Multi-Head Attention

One attention pattern is useful. Many attention patterns in parallel are much more powerful.

A sentence contains many kinds of relationships at once. An adjective may modify a noun. A pronoun may refer to something earlier. A closing bracket may match an opening bracket. A verb may depend on the subject.

One attention head can learn one way of routing information. But one routing pattern is not enough. Multi-head attention runs several attention heads in parallel. Each head has its own learned projections, so each head can learn a different kind of relationship.

After the heads produce their outputs, those outputs are combined and projected back into the model dimension. This does not mean every head has a clean human-readable job. Attention weights are useful clues, not perfect explanations.

Modern models often use grouped-query attention. Groups of query heads share key/value heads, reducing memory use during inference, especially in the KV cache, while keeping much of the benefit of many query heads.

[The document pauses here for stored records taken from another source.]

(* Let $R$ be a left hereditary ring, $M$ a projective left $R$-module and $N$ a submodule of $M$. Then $\beta(N)\subseteq\langle E_N(0)\rangle\subseteq\beta_{co}(N)$, where $N$ is regarded as an $R$-module.
   Context: Rings are associative with identity; modules are unital left modules. $R$ is left hereditary if every submodule of a projective left $R$-module is projective. For a module $X$: a submodule $P$ is prime if $RX\not\subseteq P$ and for every ideal $A$ of $R$ and submodule $K$ with $AK\subseteq P$, $K\subseteq P$ or $AX\subseteq P$; completely prime if $RX\not\subseteq P$ and $rx\in P$ implies $x\in P$ or $rX\subseteq P$. $\beta(X)$ (resp. $\beta_{co}(X)$) is the intersection of all prime (resp. completely prime) submodules of $X$ ($=X$ if none). $E_X(0)=\{rx: r\in R, x\in X, r^kx=0\text{ for some }k\in\mathbb N\}$, $\langle E_X(0)\rangle$ the submodule generated. *)

From mathcomp Require Import all_boot all_algebra.
Set Implicit Arguments. Unset Strict Implicit. Unset Printing Implicit Defensive.
Import GRing.Theory.
Local Open Scope ring_scope.

Section Defs.
Variable R : pzRingType.

Definition is_ideal (A : R -> Prop) : Prop :=
  [/\ A 0, (forall a b, A a -> A b -> A (a + b)), (forall a, A a -> A (- a)),
      (forall r a, A a -> A (r * a)) & (forall r a, A a -> A (a * r))].

Variable M : lmodType R.

Definition is_submodule (Q : M -> Prop) : Prop :=
  [/\ Q 0, (forall x y, Q x -> Q y -> Q (x + y)) & (forall (r : R) x, Q x -> Q (r *: x))].

Definition psub (P Q : M -> Prop) : Prop := forall x, P x -> Q x.

Definition gen_submodule (S : M -> Prop) : M -> Prop :=
  fun x => forall Q, is_submodule Q -> psub S Q -> Q x.

(* Maps out of N are represented by functions on M that are R-linear on N. *)
Definition linear_on (N : M -> Prop) (B : lmodType R) (f : M -> B) : Prop :=
  forall (r : R) x y, N x -> N y -> f (r *: x + y) = r *: f x + f y.

Definition projective_sub (N : M -> Prop) : Prop :=
  forall (A B : lmodType R) (g : {linear A -> B}),
    (forall b : B, exists a : A, g a = b) ->
    forall f : M -> B, linear_on N f ->
    exists h : M -> A, linear_on N h /\ forall x, N x -> g (h x) = f x.

Definition projective_module : Prop := projective_sub (fun _ => True).

Definition prime_sub (N P : M -> Prop) : Prop :=
  [/\ is_submodule P, psub P N,
      (* RN is not contained in P *)
      (exists (r : R) x, N x /\ ~ P (r *: x)) &
      forall (A : R -> Prop) (K : M -> Prop), is_ideal A -> is_submodule K -> psub K N ->
        (forall a k, A a -> K k -> P (a *: k)) ->
        psub K P \/ (forall a x, A a -> N x -> P (a *: x))].

Definition completely_prime_sub (N P : M -> Prop) : Prop :=
  [/\ is_submodule P, psub P N,
      (exists (r : R) x, N x /\ ~ P (r *: x)) &
      forall (r : R) x, N x -> P (r *: x) -> P x \/ (forall y, N y -> P (r *: y))].

(* beta(N): intersection of all prime submodules of N (= N if there are none) *)
Definition beta (N : M -> Prop) : M -> Prop :=
  fun x => N x /\ forall P, prime_sub N P -> P x.

Definition beta_co (N : M -> Prop) : M -> Prop :=
  fun x => N x /\ forall P, completely_prime_sub N P -> P x.

Definition E0 (N : M -> Prop) : M -> Prop :=
  fun y => exists (r : R) x (k : nat), [/\ N x, r ^+ k *: x = 0 & y = r *: x].

End Defs.

Definition left_hereditary (R : pzRingType) : Prop :=
  forall (V : lmodType R), projective_module V ->
    forall Q : V -> Prop, is_submodule Q -> projective_sub Q.

(* Since R is left hereditary, N is projective, so the identity of N lifts
   along the free module on N: every x in N is a combination sum_k c_k v_k
   with v_k in N and coefficients c_k depending R-linearly on x.  If all c_k
   are nilpotent, each c_k v_k lies in E_N(0).  Otherwise some c_k is not
   nilpotent, Zorn's lemma gives a prime ideal Q of R avoiding its powers,
   and the elements of N whose coefficients all lie in Q form a prime
   submodule missing x.  Conversely, if r^k x = 0 then r^k x lies in every
   completely prime P, and complete primeness strips the powers of r one at
   a time down to r x in P. *)

From HB Require Import structures.
From mathcomp Require Import all_boot all_algebra finmap.
From mathcomp.multinomials Require Import monalg.
From mathcomp Require Import boolp classical_sets.

Set Implicit Arguments.
Unset Strict Implicit.
Unset Printing Implicit Defensive.

Import GRing.Theory.
Local Open Scope ring_scope.
Local Open Scope classical_set_scope.

Section FreeModule.
Variables (K : choiceType) (R : pzRingType).

Definition free_lmod := {malg R[K]}.
HB.instance Definition _ := GRing.Zmodule.on free_lmod.

Definition free_scale (c : R) (g : free_lmod) : free_lmod :=
  [malg k in msupp g => c * g@_k].

Lemma free_scaleE c g k : (free_scale c g)@_k = c * g@_k.
Proof. by rewrite mcoeffE; case: msuppP; rewrite ?mulr0. Qed.

Lemma free_scaleA c1 c2 g : free_scale c1 (free_scale c2 g) = free_scale (c1 * c2) g.
Proof. by apply/malgP => k; rewrite !free_scaleE mulrA. Qed.

Lemma free_scale1 g : free_scale 1 g = g.
Proof. by apply/malgP => k; rewrite free_scaleE mul1r. Qed.

Lemma free_scaleDr c g1 g2 :
  free_scale c (g1 + g2) = free_scale c g1 + free_scale c g2.
Proof. by apply/malgP => k; rewrite !(mcoeffD, free_scaleE) mulrDr. Qed.

Lemma free_scaleDl g c1 c2 :
  free_scale (c1 + c2) g = free_scale c1 g + free_scale c2 g.
Proof. by apply/malgP => k; rewrite !(mcoeffD, free_scaleE) mulrDl. Qed.

HB.instance Definition _ := GRing.Zmodule_isLmodule.Build R free_lmod
  free_scaleA free_scale1 free_scaleDr free_scaleDl.

Lemma free_coeffZ c (g : free_lmod) k : (c *: g)@_k = c * g@_k.
Proof. exact: free_scaleE. Qed.

End FreeModule.

Section LinearExtension.
Variables (K : choiceType) (R : pzRingType) (V : lmodType R) (v : K -> V).

Definition lin_ext (a : free_lmod K R) : V := \sum_(k <- msupp a) a@_k *: v k.

Lemma lin_ext_fset_incl (s : {fset K}) a :
  (msupp a `<=` s)%fset -> lin_ext a = \sum_(k <- s) a@_k *: v k.
Proof.
move=> supp_s; apply: big_fset_incl => // k _ /mcoeff_outdom ->.
exact: scale0r.
Qed.

Lemma lin_ext_is_linear : linear lin_ext.
Proof.
move=> c a b; set s := (msupp a `|` msupp b)%fset.
have supp_s : (msupp (c *: a + b) `<=` s)%fset.
  apply/fsubsetP => k; rewrite -mcoeff_neq0 mcoeffD free_coeffZ in_fsetU.
  by rewrite -!mcoeff_neq0; case: (a@_k =P 0) => [->|//]; rewrite mulr0 add0r.
rewrite (lin_ext_fset_incl supp_s) (@lin_ext_fset_incl s a) ?fsubsetUl //.
rewrite (@lin_ext_fset_incl s b) ?fsubsetUr // scaler_sumr -big_split.
by apply: eq_bigr => k _; rewrite mcoeffD free_coeffZ scalerDl scalerA.
Qed.

HB.instance Definition _ :=
  GRing.isLinear.Build R (free_lmod K R) V *:%R lin_ext lin_ext_is_linear.

Lemma lin_extU k : lin_ext << k >> = v k.
Proof. by rewrite (lin_ext_fset_incl msuppU_le) big_seq_fset1 mcoeffUU scale1r. Qed.

Lemma lin_ext_surj : (forall y, exists k, v k = y) -> forall y, exists a, lin_ext a = y.
Proof. by move=> v_surj y; have [k <-] := v_surj y; exists << k >>; rewrite lin_extU. Qed.

End LinearExtension.

Lemma linear_lin_ext (K : choiceType) (R : pzRingType) (V W : lmodType R)
    (f : {linear V -> W}) (v : K -> V) (w : K -> W) a :
  (forall k, f (v k) = w k) -> f (lin_ext v a) = lin_ext w a.
Proof. by move=> fvw; rewrite linear_sum; apply: eq_bigr => k _; rewrite linearZ fvw. Qed.

Section LinearOn.
Variables (R : pzRingType) (M B : lmodType R) (N : M -> Prop) (f : M -> B).
Hypotheses (N0 : N 0) (f_lin : linear_on N f).

Lemma linear_on0 : f 0 = 0.
Proof.
have := f_lin 1 N0 N0; rewrite !scale1r addr0 => f0.
by apply: (@addrI _ (f 0)); rewrite addr0 -f0.
Qed.

Lemma linear_onD x y : N x -> N y -> f (x + y) = f x + f y.
Proof. by move=> Nx Ny; rewrite -[x in LHS]scale1r f_lin // scale1r. Qed.

Lemma linear_onZ r x : N x -> f (r *: x) = r *: f x.
Proof. by move=> Nx; rewrite -[r *: x]addr0 f_lin // linear_on0 addr0. Qed.

End LinearOn.

Section SubmoduleType.
Variables (R : pzRingType) (M : lmodType R) (N : M -> Prop).

Definition sub_or0 (x : M) : M := if `[< N x >] then x else 0.

Lemma sub_or0_in x : N 0 -> N (sub_or0 x).
Proof. by rewrite /sub_or0; case: asboolP. Qed.

Lemma sub_or0_id x : N x -> sub_or0 x = x.
Proof. by rewrite /sub_or0; case: asboolP. Qed.

(* The dummy argument makes the canonical submodule structure on this
   predicate depend on the closure proof. *)
Definition submod_pred of is_submodule N : pred M := fun x => `[< N x >].

Variable HN : is_submodule N.

Lemma submod_pred_closed : subsemimod_closed (submod_pred HN).
Proof.
case: HN => N0 ND NZ; split; first split.
- exact/asboolP.
- by move=> x y /asboolP Nx /asboolP Ny; apply/asboolP; apply: ND.
- by move=> r x /asboolP Nx; apply/asboolP; apply: NZ.
Qed.

HB.instance Definition _ :=
  GRing.isSubmodClosed.Build R M (submod_pred HN) submod_pred_closed.

Definition submod_type := {x : M | submod_pred HN x}.
HB.instance Definition _ := [isSub of submod_type for @sval _ _].
HB.instance Definition _ := [Choice of submod_type by <:].
HB.instance Definition _ := [SubChoice_isSubLmodule of submod_type by <:].

Lemma val_insubd0 x : val (insubd (0 : submod_type) x) = sub_or0 x.
Proof. by rewrite val_insubd. Qed.

End SubmoduleType.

Raw scores -> softmax weights -> value mixing

We also introduce multi-head attention here. In modern Transformer models each block doesn't just have a single attention head, but multiple. Different heads can learn different routing patterns, then their outputs are combined.

Each token creates three learned views of itself:

Q - the question this token asks.

K - what this token advertises about itself.

V - the information this token contributes.

For one selected query token, we compare its Q vector with every K vector.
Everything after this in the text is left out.